**THE PROBLEM:** From the entries that follow, copy exactly the lines beginning at the line holding "xs 1%N = xk /\ bxs 1%N = bxk /\" and continuing through the line holding "(m : nat -> nat)".

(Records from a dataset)
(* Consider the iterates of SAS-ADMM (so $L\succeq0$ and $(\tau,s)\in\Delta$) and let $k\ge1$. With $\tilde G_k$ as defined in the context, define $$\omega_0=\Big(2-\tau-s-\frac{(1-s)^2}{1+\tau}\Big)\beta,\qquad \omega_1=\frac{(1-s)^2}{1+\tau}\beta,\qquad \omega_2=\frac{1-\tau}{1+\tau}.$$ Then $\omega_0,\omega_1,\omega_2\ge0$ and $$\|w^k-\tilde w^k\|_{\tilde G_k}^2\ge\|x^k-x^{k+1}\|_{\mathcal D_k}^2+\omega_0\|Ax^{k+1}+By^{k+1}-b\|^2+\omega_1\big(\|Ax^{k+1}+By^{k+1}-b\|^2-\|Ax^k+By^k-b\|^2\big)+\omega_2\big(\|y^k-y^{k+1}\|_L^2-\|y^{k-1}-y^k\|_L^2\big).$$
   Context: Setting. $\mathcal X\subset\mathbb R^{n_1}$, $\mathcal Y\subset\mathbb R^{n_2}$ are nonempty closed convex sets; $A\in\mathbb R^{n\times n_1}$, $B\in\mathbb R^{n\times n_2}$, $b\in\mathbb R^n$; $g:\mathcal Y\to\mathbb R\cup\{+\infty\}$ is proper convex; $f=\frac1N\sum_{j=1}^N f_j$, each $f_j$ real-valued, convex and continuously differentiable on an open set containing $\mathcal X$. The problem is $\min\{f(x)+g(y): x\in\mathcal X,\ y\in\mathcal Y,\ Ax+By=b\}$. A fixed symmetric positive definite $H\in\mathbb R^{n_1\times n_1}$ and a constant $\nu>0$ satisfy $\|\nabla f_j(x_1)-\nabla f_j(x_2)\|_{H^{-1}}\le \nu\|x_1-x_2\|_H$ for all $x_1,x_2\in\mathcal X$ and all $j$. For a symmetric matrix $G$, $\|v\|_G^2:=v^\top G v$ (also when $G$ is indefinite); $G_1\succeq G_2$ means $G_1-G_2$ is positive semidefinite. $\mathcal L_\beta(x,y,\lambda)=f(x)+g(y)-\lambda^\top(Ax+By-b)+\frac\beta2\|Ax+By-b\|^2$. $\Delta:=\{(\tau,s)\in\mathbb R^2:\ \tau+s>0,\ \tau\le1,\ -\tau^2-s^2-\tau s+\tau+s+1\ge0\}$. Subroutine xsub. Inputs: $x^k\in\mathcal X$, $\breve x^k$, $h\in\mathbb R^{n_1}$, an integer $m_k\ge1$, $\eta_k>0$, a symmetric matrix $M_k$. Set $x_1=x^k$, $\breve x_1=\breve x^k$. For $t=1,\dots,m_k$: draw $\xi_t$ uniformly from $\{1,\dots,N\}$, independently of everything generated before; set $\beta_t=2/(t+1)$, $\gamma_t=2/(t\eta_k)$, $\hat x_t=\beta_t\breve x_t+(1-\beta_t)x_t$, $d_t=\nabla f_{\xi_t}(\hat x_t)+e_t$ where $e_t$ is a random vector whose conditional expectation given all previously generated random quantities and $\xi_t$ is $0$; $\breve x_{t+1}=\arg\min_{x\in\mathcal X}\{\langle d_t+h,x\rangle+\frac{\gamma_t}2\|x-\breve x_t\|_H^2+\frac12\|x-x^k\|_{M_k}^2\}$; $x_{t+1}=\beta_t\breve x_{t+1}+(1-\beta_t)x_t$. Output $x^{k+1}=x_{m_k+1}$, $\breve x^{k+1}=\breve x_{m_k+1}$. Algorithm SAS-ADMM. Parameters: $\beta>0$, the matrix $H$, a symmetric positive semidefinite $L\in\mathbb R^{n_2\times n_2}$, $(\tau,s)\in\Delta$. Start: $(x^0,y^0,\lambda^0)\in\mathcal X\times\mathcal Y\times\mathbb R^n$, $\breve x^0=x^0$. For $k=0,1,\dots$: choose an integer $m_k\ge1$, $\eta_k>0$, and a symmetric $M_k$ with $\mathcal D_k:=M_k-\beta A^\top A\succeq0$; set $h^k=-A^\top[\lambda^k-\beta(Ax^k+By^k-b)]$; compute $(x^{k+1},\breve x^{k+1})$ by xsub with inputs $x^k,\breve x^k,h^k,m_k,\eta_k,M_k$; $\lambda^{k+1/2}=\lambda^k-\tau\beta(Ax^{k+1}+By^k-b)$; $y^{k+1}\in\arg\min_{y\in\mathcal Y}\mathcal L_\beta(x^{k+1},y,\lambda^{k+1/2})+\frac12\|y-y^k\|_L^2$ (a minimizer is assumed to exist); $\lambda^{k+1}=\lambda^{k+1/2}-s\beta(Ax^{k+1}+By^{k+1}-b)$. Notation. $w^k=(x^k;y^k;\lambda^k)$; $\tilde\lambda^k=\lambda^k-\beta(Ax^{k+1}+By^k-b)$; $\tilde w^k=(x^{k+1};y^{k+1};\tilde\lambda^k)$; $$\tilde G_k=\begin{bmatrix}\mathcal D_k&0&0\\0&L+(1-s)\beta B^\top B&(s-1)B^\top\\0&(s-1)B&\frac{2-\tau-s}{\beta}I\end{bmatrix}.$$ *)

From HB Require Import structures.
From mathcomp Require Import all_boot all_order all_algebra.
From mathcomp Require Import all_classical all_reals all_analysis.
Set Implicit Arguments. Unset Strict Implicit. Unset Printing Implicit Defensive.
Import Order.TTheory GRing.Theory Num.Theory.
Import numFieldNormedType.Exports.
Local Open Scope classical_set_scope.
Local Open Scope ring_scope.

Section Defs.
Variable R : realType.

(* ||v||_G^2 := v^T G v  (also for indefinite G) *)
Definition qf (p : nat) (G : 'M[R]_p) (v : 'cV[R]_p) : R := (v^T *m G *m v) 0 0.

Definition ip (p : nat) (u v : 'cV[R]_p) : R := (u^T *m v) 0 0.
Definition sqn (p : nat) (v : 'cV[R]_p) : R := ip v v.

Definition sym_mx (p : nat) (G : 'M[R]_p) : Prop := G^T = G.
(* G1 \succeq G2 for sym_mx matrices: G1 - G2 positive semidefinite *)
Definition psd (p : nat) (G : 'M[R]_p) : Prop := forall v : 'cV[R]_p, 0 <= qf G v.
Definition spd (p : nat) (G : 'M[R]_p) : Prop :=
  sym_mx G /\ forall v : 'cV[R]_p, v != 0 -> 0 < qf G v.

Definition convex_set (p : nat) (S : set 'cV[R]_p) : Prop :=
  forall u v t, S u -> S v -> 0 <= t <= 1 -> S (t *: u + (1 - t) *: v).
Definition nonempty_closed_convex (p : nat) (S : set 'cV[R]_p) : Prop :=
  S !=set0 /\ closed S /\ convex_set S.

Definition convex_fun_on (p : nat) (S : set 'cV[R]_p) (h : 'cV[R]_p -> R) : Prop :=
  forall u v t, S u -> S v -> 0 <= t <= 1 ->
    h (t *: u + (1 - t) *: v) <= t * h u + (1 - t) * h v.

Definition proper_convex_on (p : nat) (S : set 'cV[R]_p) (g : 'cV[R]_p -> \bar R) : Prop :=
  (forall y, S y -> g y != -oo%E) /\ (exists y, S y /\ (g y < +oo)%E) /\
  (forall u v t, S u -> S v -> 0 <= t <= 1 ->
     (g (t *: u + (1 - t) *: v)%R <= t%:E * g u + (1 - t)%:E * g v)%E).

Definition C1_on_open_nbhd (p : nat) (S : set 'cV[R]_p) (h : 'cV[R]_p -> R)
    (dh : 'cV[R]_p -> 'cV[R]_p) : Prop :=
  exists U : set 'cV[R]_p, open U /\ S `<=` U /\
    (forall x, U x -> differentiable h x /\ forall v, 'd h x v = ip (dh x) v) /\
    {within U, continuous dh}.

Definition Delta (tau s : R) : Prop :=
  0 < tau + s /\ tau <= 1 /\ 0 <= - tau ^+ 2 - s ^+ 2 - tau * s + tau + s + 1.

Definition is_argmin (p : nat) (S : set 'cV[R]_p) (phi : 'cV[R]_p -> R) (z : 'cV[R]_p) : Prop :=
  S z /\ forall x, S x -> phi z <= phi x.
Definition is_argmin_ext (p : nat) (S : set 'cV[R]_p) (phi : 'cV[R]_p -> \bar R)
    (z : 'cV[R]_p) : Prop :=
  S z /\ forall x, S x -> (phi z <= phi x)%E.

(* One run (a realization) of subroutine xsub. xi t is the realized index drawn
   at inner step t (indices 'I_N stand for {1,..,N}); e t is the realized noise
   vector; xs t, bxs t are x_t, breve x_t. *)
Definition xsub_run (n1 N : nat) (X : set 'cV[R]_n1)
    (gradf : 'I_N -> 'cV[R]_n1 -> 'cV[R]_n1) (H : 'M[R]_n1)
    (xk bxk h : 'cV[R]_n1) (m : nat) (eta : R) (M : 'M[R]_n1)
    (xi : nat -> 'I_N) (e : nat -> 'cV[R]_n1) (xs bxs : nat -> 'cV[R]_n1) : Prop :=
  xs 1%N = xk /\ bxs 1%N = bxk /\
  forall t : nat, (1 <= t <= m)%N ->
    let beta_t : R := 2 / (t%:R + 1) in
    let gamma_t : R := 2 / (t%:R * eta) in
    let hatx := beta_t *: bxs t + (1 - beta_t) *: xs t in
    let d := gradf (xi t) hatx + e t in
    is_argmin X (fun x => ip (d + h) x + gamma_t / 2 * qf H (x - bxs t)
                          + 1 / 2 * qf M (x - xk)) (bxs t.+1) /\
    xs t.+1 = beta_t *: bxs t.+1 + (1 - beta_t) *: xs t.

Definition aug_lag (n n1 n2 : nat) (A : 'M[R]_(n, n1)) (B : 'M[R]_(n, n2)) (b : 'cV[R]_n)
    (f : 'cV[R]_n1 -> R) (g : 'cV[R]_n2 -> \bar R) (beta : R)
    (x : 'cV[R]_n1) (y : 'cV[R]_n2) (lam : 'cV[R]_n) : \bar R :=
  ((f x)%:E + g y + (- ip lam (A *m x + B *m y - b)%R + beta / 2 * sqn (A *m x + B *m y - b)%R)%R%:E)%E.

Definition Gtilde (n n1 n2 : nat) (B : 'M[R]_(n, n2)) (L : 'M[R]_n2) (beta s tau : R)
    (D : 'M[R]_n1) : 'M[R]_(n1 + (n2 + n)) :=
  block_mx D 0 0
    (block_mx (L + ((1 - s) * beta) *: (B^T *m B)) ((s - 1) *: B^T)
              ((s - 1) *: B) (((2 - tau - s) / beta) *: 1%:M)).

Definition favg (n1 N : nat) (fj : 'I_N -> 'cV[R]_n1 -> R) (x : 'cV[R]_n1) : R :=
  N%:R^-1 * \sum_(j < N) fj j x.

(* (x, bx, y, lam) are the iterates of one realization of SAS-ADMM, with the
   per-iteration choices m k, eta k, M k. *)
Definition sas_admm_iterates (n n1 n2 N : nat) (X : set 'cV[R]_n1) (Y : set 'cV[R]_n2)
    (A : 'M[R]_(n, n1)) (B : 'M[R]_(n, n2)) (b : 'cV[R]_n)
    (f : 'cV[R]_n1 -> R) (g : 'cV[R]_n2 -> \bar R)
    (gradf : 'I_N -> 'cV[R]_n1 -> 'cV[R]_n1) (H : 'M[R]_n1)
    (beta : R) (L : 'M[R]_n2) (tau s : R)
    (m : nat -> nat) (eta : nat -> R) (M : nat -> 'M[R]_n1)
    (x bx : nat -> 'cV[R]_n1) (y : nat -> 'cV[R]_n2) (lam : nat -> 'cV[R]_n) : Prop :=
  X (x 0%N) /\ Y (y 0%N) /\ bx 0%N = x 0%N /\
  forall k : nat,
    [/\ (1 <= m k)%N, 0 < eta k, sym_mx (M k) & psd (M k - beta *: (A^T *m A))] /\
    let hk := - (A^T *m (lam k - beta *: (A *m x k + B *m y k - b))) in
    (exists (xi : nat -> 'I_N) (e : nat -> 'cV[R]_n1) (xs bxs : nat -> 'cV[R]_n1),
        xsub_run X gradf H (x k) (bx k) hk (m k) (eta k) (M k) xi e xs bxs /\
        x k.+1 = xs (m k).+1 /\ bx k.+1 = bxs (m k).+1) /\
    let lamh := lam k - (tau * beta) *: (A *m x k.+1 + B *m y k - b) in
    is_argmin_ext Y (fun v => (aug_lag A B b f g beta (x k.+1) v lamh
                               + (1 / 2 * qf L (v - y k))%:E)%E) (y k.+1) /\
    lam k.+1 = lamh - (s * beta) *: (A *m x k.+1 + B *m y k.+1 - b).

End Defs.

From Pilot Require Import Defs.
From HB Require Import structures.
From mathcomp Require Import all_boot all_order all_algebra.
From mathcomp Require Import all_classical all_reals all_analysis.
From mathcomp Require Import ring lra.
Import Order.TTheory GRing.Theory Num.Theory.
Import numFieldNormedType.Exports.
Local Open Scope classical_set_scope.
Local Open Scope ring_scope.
==
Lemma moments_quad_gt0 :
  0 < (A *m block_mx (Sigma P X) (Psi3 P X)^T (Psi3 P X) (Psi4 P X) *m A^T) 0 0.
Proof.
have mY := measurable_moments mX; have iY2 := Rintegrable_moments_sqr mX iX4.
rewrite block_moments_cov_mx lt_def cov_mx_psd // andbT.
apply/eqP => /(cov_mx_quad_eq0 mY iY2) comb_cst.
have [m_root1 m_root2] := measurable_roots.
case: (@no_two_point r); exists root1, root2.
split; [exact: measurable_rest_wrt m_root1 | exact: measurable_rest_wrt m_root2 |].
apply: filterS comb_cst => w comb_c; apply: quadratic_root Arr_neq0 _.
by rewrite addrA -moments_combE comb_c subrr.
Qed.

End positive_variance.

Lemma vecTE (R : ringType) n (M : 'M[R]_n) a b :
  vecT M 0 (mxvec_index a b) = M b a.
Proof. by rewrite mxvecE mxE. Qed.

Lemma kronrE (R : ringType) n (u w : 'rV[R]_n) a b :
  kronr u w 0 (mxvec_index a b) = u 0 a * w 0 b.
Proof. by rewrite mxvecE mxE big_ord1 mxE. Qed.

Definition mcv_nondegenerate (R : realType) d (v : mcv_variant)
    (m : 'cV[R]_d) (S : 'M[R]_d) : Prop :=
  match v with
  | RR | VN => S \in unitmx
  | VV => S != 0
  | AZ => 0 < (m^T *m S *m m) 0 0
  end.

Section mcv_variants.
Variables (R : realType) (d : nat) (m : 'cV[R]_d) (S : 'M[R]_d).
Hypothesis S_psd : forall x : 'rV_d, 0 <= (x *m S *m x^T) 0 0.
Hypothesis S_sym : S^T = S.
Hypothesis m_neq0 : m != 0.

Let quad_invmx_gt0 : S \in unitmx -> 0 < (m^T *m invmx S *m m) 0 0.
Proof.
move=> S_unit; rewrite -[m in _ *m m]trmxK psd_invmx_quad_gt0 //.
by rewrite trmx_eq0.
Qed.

**ANSWER SECTION:**
  xs 1%N = xk /\ bxs 1%N = bxk /\
  forall t : nat, (1 <= t <= m)%N ->
    let beta_t : R := 2 / (t%:R + 1) in
    let gamma_t : R := 2 / (t%:R * eta) in
    let hatx := beta_t *: bxs t + (1 - beta_t) *: xs t in
    let d := gradf (xi t) hatx + e t in
    is_argmin X (fun x => ip (d + h) x + gamma_t / 2 * qf H (x - bxs t)
                          + 1 / 2 * qf M (x - xk)) (bxs t.+1) /\
    xs t.+1 = beta_t *: bxs t.+1 + (1 - beta_t) *: xs t.

Definition aug_lag (n n1 n2 : nat) (A : 'M[R]_(n, n1)) (B : 'M[R]_(n, n2)) (b : 'cV[R]_n)
    (f : 'cV[R]_n1 -> R) (g : 'cV[R]_n2 -> \bar R) (beta : R)
    (x : 'cV[R]_n1) (y : 'cV[R]_n2) (lam : 'cV[R]_n) : \bar R :=
  ((f x)%:E + g y + (- ip lam (A *m x + B *m y - b)%R + beta / 2 * sqn (A *m x + B *m y - b)%R)%R%:E)%E.

Definition Gtilde (n n1 n2 : nat) (B : 'M[R]_(n, n2)) (L : 'M[R]_n2) (beta s tau : R)
    (D : 'M[R]_n1) : 'M[R]_(n1 + (n2 + n)) :=
  block_mx D 0 0
    (block_mx (L + ((1 - s) * beta) *: (B^T *m B)) ((s - 1) *: B^T)
              ((s - 1) *: B) (((2 - tau - s) / beta) *: 1%:M)).

Definition favg (n1 N : nat) (fj : 'I_N -> 'cV[R]_n1 -> R) (x : 'cV[R]_n1) : R :=
  N%:R^-1 * \sum_(j < N) fj j x.

(* (x, bx, y, lam) are the iterates of one realization of SAS-ADMM, with the
   per-iteration choices m k, eta k, M k. *)
Definition sas_admm_iterates (n n1 n2 N : nat) (X : set 'cV[R]_n1) (Y : set 'cV[R]_n2)
    (A : 'M[R]_(n, n1)) (B : 'M[R]_(n, n2)) (b : 'cV[R]_n)
    (f : 'cV[R]_n1 -> R) (g : 'cV[R]_n2 -> \bar R)
    (gradf : 'I_N -> 'cV[R]_n1 -> 'cV[R]_n1) (H : 'M[R]_n1)
    (beta : R) (L : 'M[R]_n2) (tau s : R)
    (m : nat -> nat) (eta : nat -> R) (M : nat -> 'M[R]_n1)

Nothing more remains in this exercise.